Exploring API technique for Data Analysis.
Required libraries:

In [None]:
import pandas as pd
from etherscan import Etherscan
from dotenv import load_dotenv
import os
from datetime import datetime, timedelta
import requests

Load Etherscan API key from .env

In [39]:
load_dotenv(dotenv_path=".env")
api_key = os.environ.get("ETHERSCAN_API_KEY")

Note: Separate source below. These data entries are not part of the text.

Theorem proposition3p5 (R : comPzRingType) (T : ArtinTriCat R) (A B C : T)
    (s : Mor A B) (g : Mor B C) (Psi : Mor C (sh A)) :
  dist s g Psi -> Psi <> 0 ->
  (forall f : Mor A C, f = 0) -> (forall f : Mor (sh A) C, f = 0) ->
  indecomposable C ->
  exists (A' B' : T) (s' : Mor A' B') (g' : Mor B' C) (Psi' : Mor C (sh A')),
    dist s' g' Psi' /\ Psi' <> 0 /\
    direct_summand A' A /\ direct_summand B' B /\ indecomposable B'.
Proof.
move=> D Psi_nz HomAC HomA1C indC.
have [m [Bs [inB [prB [prinB [_ [sumB indB]]]]]]] := @atc_KS _ T B.
have [k [h gE]] := dist_factor_summand D HomAC HomA1C (indecomposable_local_end indC) sumB.
have hE : g \co inB k = h by rewrite gE -compA prinB comp_idr.
have [Ak [sk [Psik Dk]]] := dist_ex_first h.
exists Ak, (Bs k), sk, h, Psik; split; first exact: Dk.
split.
  move=> Psik0; have [y hy] := dist_split_epi Dk Psik0; apply: Psi_nz.
  by rewrite -(comp_idr Psi) -hy -hE !compA (dist_comp0 (dist_rot D)) !comp0l.
split; first exact: (dist_retract_first (inB k) (prB k) Dk D (prinB k) hE (esym gE)).
split; first exact: (split_mono_summand (inB k) (prB k) (prinB k)).
exact: (indB k).1.
Qed.
(* In a public goods economy (as in the context), at any outcome $\mathbf{a}$ with $\mathbf{0}<\mathbf{a}<\mathbf{1}$, exactly one of the following three conditions holds: (1) there exist directions $\mathbf{v}_{up}>\mathbf{0}$, $\mathbf{v}_{down}<\mathbf{0}$ such that $\mathbf{d}_{\mathbf{v}_{up}}\mathbf{u}(\mathbf{a})>\mathbf{0}$ and $\mathbf{d}_{\mathbf{v}_{down}}\mathbf{u}(\mathbf{a})<\mathbf{0}$; (2) there exist directions $\mathbf{v}_{up}>\mathbf{0}$, $\mathbf{v}_{down}<\mathbf{0}$ such that $\mathbf{d}_{\mathbf{v}_{up}}\mathbf{u}(\mathbf{a})\le\mathbf{0}$ and $\mathbf{d}_{\mathbf{v}_{down}}\mathbf{u}(\mathbf{a})\le\mathbf{0}$; (3) there exist directions $\mathbf{v}_{up}>\mathbf{0}$, $\mathbf{v}_{down}<\mathbf{0}$ such that $\mathbf{d}_{\mathbf{v}_{up}}\mathbf{u}(\mathbf{a})<\mathbf{0}$ and $\mathbf{d}_{\mathbf{v}_{down}}\mathbf{u}(\mathbf{a})>\mathbf{0}$.
   Context: Agents $N=\{1,\dots,n\}$; outcomes are vectors in $[0,1]^n$. Vector orderings: $\mathbf{x}\ge\mathbf{y}$ (resp. $\le$) means $x_i\ge y_i$ (resp. $\le$) for all $i$; $\mathbf{x}>\mathbf{y}$ (resp. $<$) means strict inequality in every coordinate; $\mathbf{x}\gneq\mathbf{y}$ means $\mathbf{x}\ge\mathbf{y}$ and $x_j>y_j$ for some $j$. $\mathbf{0},\mathbf{1}$ are the all-zeros and all-ones vectors. The utility function $\mathbf{u}:[0,1]^n\to[0,1]^n$ is continuous, concave, and has positive externalities: whenever $\mathbf{a}\gneq\mathbf{a}'$ and $a_i=a'_i$, then $u_i(\mathbf{a})>u_i(\mathbf{a}')$. For a direction $\mathbf{v}\in\mathbb{R}^n$, $\mathbf{d}_{\mathbf{v}}\mathbf{u}(\mathbf{a}):=\lim_{\lambda\to0^+}\frac{\mathbf{u}(\mathbf{a}+\lambda\mathbf{v})-\mathbf{u}(\mathbf{a})}{\lambda}$ is the one-sided directional derivative (a vector in $\mathbb{R}^n$). *)

From HB Require Import structures.
From mathcomp Require Import all_boot all_order all_algebra.
From mathcomp Require Import all_classical all_reals all_analysis.
Set Implicit Arguments. Unset Strict Implicit. Unset Printing Implicit Defensive.
Import Order.TTheory GRing.Theory Num.Theory.
Import numFieldNormedType.Exports.
Local Open Scope classical_set_scope.
Local Open Scope ring_scope.

Section Defs.
Context {R : realType} {n : nat}.
Implicit Types (x y a v d : 'rV[R]_n).
(* For every $k\ge 3$, $$\sum_{n\ge0}|S_n(123,\,3214,\,21(k+1)k(k-1)\cdots 43)|\,x^n=\frac{1-2x+x^k}{1-3x+x^2+x^k}.$$ *)

From mathcomp Require Import all_boot all_order all_algebra all_fingroup.
Set Implicit Arguments. Unset Strict Implicit. Unset Printing Implicit Defensive.
Import GRing.Theory Num.Theory.

(* A pattern is given in one-line notation as a sequence of naturals
   (e.g. [:: 1; 2; 3] for 123). *)
Definition contains (n : nat) (s : 'S_n) (p : seq nat) : bool :=
  [exists f : {ffun 'I_(size p) -> 'I_n},
     [forall i : 'I_(size p), forall j : 'I_(size p),
        ((i < j)%N ==> (f i < f j)%N) &&
        ((s (f i) < s (f j))%N == (nth 0 p i < nth 0 p j)%N)]].

Definition avoids (n : nat) (s : 'S_n) (P : seq (seq nat)) : bool :=
  all (fun p => ~~ contains s p) P.

Definition Sn_count (P : seq (seq nat)) (n : nat) : nat :=
  #|[set s : 'S_n | avoids s P]|.

Definition sigma_k (k : nat) : seq nat :=
  [:: 2; 1] ++ [seq (k.+1 - i)%N | i <- iota 0 (k.-1)].

Definition den_coef (k i : nat) : int :=
  (i == 0%N)%:Z - 3 * (i == 1%N)%:Z + (i == 2%N)%:Z + (i == k)%:Z.
Definition num_coef (k i : nat) : int :=
  (i == 0%N)%:Z - 2 * (i == 1%N)%:Z + (i == k)%:Z.

Definition pat123 : seq nat := [:: 1; 2; 3].
Definition pat3214 : seq nat := [:: 3; 2; 1; 4].

From mathcomp Require Import all_boot all_order all_algebra all_fingroup.
From mathcomp Require Import zify ring.
Import GRing.Theory Num.Theory.
Set Implicit Arguments. Unset Strict Implicit. Unset Printing Implicit Defensive.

Initial exploration: fetching Ethereum transactions via Etherscan API

In [40]:
eth = Etherscan(api_key)


Example: Fetch transactions for a given address (this address was flagged by Scam Sniffer and got labeleed as Phish/ Hack on Etherscan)

In [None]:
address = "0x3895c7e8c65c4ad1102e16689a9f83b56bc67c14"

# Fetch all normal transactions for the address
transactions = eth.get_normal_txs_by_address(
    address=address,
    startblock=0,
    endblock=99999999,
    sort="asc"
)

In [None]:
#Load transaction into a DataFrame
df = pd.DataFrame(transactions)

#Cleaning up the data to usable format

# Convert value to Ether
df['value'] = df['value'].astype(float) / 1e18

# Convert blockNumber to integer
df['blockNumber'] = df['blockNumber'].astype(int)

# Convert timestamp to datetime
df['timeStamp'] = pd.to_datetime(df['timeStamp'], unit='s')

  df['timeStamp'] = pd.to_datetime(df['timeStamp'], unit='s')


Select columns that are relevant

In [None]:
columns = ['blockNumber', 'timeStamp', 'from', 'to', 'value', 'hash']
df_clean = df[columns]
df_clean.head()

Unnamed: 0,blockNumber,timeStamp,from,to,value,hash
0,16672663,2023-02-20 22:14:59,0xf1da173228fcf015f43f3ea15abbb51f0d8f1123,0x3895c7e8c65c4ad1102e16689a9f83b56bc67c14,0.093008,0x9ddb2d4a61c3c9ba6b73d7228198208564e80e7055de...
1,16673501,2023-02-21 01:04:35,0x3895c7e8c65c4ad1102e16689a9f83b56bc67c14,,0.0,0x73d60992447f221505e6c362e74d7c6e24bfc3438326...
2,16673689,2023-02-21 01:42:47,0x3895c7e8c65c4ad1102e16689a9f83b56bc67c14,,0.0,0xfa12d513e7c158b2b76360aed150190f157b5006b821...
3,16673689,2023-02-21 01:42:47,0x3895c7e8c65c4ad1102e16689a9f83b56bc67c14,,0.0,0xf4214160cc3027f342935d896a67baa3d4987689eab1...
4,16680412,2023-02-22 00:23:23,0x3895c7e8c65c4ad1102e16689a9f83b56bc67c14,0xdac17f958d2ee523a2206206994597c13d831ec7,0.0,0x11c8e1da654f4a37a6c4ab922b31845de33182ce93f7...


Importing a test file that contains a list of scam addresses.
To expand the analysis, I imported a blacklist of known scam addresses and checked which ones were active within the last 6 months:

In [57]:
with open('../Data/Raw/master_blacklist_set.txt', 'r') as b:
    scam_addresses = [line.strip() for line in b if line.strip()]

Checking active addresses in the past 6 months

In [None]:

ETHERSCAN_API_KEY = 'apy_key'  
recent_cutoff = datetime.now() - timedelta(days=180)  # Last 6 months

def is_address_active(address):
    url = f'https://api.etherscan.io/api?module=account&action=txlist&address={address}&sort=desc&apikey={ETHERSCAN_API_KEY}'
    resp = requests.get(url).json()
    if resp['status'] != '1':
        return False  # No transactions or error
    for tx in resp['result']:
        tx_time = datetime.fromtimestamp(int(tx['timeStamp']))
        if tx_time > recent_cutoff:
            return True
    return False

In [None]:
# Sample test

sample_addresses = scam_addresses[:20]
active_addresses = [addr for addr in sample_addresses if is_address_active(addr)]
print(f"Active scam addresses: {active_addresses}")

Active scam addresses: []


### Conclusion:

In this notebook, I explored using the Etherscan API to retrieve Ethereum wallet activity, including testing a known scam address list for recent activity.

However, due to API rate limits and the high number of inactive addresses, this method was not scalable for deeper behavioral analysis. 

While technically effective, this method surfaced several issues:
- Many known scam addresses were inactive (no recent transactions)
- This made the approach unsuitable for identifying network-wide scam patterns.

In the next notebook, I pivot using a Kaggle dataset with full Ethereum transaction history to support more robust scam pattern detection.